The task
Search the data for the word "Hcol" and copy every line where it occurs.

Entries supplied
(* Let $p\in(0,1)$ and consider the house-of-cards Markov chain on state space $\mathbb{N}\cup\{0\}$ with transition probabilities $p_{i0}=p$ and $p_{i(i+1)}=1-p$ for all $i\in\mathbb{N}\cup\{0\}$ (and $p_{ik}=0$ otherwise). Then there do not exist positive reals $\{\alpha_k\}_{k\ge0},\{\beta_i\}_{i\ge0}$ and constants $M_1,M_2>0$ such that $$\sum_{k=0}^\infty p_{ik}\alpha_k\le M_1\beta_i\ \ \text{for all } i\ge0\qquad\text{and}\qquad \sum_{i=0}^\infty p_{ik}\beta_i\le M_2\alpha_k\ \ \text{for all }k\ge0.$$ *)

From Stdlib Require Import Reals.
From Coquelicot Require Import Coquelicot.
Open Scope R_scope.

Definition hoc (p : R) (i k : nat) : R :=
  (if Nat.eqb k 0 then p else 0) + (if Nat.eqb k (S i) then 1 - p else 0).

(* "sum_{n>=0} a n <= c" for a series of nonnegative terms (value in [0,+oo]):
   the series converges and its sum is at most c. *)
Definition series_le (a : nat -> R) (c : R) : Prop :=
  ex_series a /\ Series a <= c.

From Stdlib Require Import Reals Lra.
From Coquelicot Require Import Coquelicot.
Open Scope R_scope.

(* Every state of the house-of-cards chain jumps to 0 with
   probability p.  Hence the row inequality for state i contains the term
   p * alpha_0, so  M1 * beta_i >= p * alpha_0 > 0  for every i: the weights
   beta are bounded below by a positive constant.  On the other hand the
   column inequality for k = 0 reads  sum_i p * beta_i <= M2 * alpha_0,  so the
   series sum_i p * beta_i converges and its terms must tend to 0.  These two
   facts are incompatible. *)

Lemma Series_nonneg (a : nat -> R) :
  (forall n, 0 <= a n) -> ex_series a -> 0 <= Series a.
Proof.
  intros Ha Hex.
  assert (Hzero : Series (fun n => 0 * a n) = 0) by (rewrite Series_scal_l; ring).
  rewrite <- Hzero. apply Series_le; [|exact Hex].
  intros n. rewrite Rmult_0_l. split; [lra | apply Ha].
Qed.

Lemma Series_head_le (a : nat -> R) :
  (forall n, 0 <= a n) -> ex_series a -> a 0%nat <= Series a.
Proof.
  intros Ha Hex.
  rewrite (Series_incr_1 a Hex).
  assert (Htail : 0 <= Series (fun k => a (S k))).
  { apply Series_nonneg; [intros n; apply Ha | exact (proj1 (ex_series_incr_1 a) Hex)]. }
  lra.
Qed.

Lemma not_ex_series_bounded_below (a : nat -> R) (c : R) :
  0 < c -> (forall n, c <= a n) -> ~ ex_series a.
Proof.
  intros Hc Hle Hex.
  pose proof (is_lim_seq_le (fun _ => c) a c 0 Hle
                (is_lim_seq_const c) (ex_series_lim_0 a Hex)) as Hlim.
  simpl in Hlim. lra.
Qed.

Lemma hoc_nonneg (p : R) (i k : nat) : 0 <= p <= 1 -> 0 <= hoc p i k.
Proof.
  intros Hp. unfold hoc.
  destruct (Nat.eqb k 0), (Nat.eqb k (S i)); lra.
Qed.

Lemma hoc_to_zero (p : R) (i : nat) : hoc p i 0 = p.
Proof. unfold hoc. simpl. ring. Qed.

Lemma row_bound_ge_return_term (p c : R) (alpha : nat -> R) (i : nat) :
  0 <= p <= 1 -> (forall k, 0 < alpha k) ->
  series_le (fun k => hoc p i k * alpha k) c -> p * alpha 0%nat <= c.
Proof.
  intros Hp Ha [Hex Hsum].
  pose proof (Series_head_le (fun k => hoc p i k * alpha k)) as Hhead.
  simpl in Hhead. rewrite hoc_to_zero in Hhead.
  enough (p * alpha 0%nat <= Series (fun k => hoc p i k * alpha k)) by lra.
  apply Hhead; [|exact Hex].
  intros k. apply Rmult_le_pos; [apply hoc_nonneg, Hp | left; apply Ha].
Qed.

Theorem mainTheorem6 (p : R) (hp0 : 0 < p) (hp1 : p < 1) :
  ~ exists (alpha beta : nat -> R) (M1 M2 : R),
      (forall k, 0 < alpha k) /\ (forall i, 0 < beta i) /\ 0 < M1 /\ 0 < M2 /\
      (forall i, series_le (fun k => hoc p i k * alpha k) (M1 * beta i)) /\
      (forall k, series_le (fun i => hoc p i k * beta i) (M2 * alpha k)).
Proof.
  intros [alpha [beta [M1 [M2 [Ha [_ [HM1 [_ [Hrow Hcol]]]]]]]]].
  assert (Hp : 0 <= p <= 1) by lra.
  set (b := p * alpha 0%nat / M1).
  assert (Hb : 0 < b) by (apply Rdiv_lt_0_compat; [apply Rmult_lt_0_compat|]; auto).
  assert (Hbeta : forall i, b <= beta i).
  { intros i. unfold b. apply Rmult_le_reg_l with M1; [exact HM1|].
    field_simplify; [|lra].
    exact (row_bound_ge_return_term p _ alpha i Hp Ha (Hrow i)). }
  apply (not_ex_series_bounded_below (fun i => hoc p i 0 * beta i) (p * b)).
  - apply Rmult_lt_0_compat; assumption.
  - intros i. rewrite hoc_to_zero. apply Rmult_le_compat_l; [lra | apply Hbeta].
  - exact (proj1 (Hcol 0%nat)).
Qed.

* * *

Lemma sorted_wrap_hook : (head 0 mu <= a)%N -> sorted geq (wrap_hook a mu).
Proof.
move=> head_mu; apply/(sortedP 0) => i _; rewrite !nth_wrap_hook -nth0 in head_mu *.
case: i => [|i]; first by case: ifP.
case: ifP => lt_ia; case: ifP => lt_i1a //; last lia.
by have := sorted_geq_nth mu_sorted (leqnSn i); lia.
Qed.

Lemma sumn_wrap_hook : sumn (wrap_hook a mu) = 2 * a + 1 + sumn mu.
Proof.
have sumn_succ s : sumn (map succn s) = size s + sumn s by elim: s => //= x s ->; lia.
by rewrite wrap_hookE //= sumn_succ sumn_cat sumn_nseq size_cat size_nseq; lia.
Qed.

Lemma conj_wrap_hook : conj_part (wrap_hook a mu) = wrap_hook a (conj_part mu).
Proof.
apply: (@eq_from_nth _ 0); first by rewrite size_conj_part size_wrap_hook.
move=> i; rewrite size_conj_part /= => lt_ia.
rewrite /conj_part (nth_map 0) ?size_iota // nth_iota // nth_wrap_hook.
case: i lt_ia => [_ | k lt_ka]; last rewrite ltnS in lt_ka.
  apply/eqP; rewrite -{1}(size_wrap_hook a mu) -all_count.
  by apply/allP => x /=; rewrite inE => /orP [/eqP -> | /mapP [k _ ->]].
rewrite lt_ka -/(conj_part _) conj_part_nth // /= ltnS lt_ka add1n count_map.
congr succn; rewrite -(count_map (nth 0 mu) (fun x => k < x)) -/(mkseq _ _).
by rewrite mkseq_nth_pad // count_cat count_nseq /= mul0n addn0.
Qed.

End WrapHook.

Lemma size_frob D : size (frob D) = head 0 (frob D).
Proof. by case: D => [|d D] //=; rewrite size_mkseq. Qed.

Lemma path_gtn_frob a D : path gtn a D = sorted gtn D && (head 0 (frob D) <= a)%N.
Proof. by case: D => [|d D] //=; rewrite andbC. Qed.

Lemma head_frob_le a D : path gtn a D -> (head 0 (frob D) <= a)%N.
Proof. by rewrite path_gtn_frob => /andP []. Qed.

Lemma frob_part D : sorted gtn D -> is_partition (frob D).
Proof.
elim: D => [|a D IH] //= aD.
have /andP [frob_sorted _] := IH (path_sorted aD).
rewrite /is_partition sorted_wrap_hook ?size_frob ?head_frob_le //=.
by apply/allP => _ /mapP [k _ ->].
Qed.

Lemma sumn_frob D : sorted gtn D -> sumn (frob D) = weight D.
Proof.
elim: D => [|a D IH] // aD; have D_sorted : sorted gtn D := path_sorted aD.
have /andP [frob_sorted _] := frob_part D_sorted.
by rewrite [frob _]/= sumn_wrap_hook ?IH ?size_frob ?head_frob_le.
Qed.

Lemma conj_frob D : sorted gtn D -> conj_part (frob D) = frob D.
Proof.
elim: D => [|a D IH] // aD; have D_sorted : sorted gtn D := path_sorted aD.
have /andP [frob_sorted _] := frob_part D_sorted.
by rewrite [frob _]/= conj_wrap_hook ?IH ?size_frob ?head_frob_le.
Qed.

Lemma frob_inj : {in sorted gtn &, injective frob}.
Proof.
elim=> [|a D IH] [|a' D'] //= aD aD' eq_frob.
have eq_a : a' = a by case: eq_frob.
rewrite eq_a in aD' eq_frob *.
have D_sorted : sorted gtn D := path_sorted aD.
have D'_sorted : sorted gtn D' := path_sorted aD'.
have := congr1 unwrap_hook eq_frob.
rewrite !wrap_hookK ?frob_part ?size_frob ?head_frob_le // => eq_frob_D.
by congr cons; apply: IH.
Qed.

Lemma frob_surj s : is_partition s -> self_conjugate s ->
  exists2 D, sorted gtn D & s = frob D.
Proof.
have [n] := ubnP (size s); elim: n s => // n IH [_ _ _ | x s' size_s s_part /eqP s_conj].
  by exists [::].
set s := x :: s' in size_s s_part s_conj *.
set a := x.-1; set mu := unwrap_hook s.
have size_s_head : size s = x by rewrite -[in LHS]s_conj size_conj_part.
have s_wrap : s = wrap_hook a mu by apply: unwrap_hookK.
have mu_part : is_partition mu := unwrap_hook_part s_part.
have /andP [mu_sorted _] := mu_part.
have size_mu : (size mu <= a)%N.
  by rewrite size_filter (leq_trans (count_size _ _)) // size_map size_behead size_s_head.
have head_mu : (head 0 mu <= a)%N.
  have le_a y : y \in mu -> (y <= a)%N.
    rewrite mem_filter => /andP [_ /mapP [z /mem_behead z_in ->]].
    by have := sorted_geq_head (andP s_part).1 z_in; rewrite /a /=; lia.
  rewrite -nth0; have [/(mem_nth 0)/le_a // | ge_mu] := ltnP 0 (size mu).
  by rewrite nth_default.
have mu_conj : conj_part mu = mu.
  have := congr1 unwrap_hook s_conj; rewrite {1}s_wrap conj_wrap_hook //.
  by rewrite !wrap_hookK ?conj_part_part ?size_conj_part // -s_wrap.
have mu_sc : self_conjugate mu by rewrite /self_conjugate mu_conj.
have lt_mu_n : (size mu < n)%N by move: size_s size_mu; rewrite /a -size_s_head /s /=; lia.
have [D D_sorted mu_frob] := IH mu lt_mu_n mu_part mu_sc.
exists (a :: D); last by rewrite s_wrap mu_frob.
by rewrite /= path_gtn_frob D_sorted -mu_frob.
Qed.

Answer to the exercise
  intros [alpha [beta [M1 [M2 [Ha [_ [HM1 [_ [Hrow Hcol]]]]]]]]].
  - exact (proj1 (Hcol 0%nat)).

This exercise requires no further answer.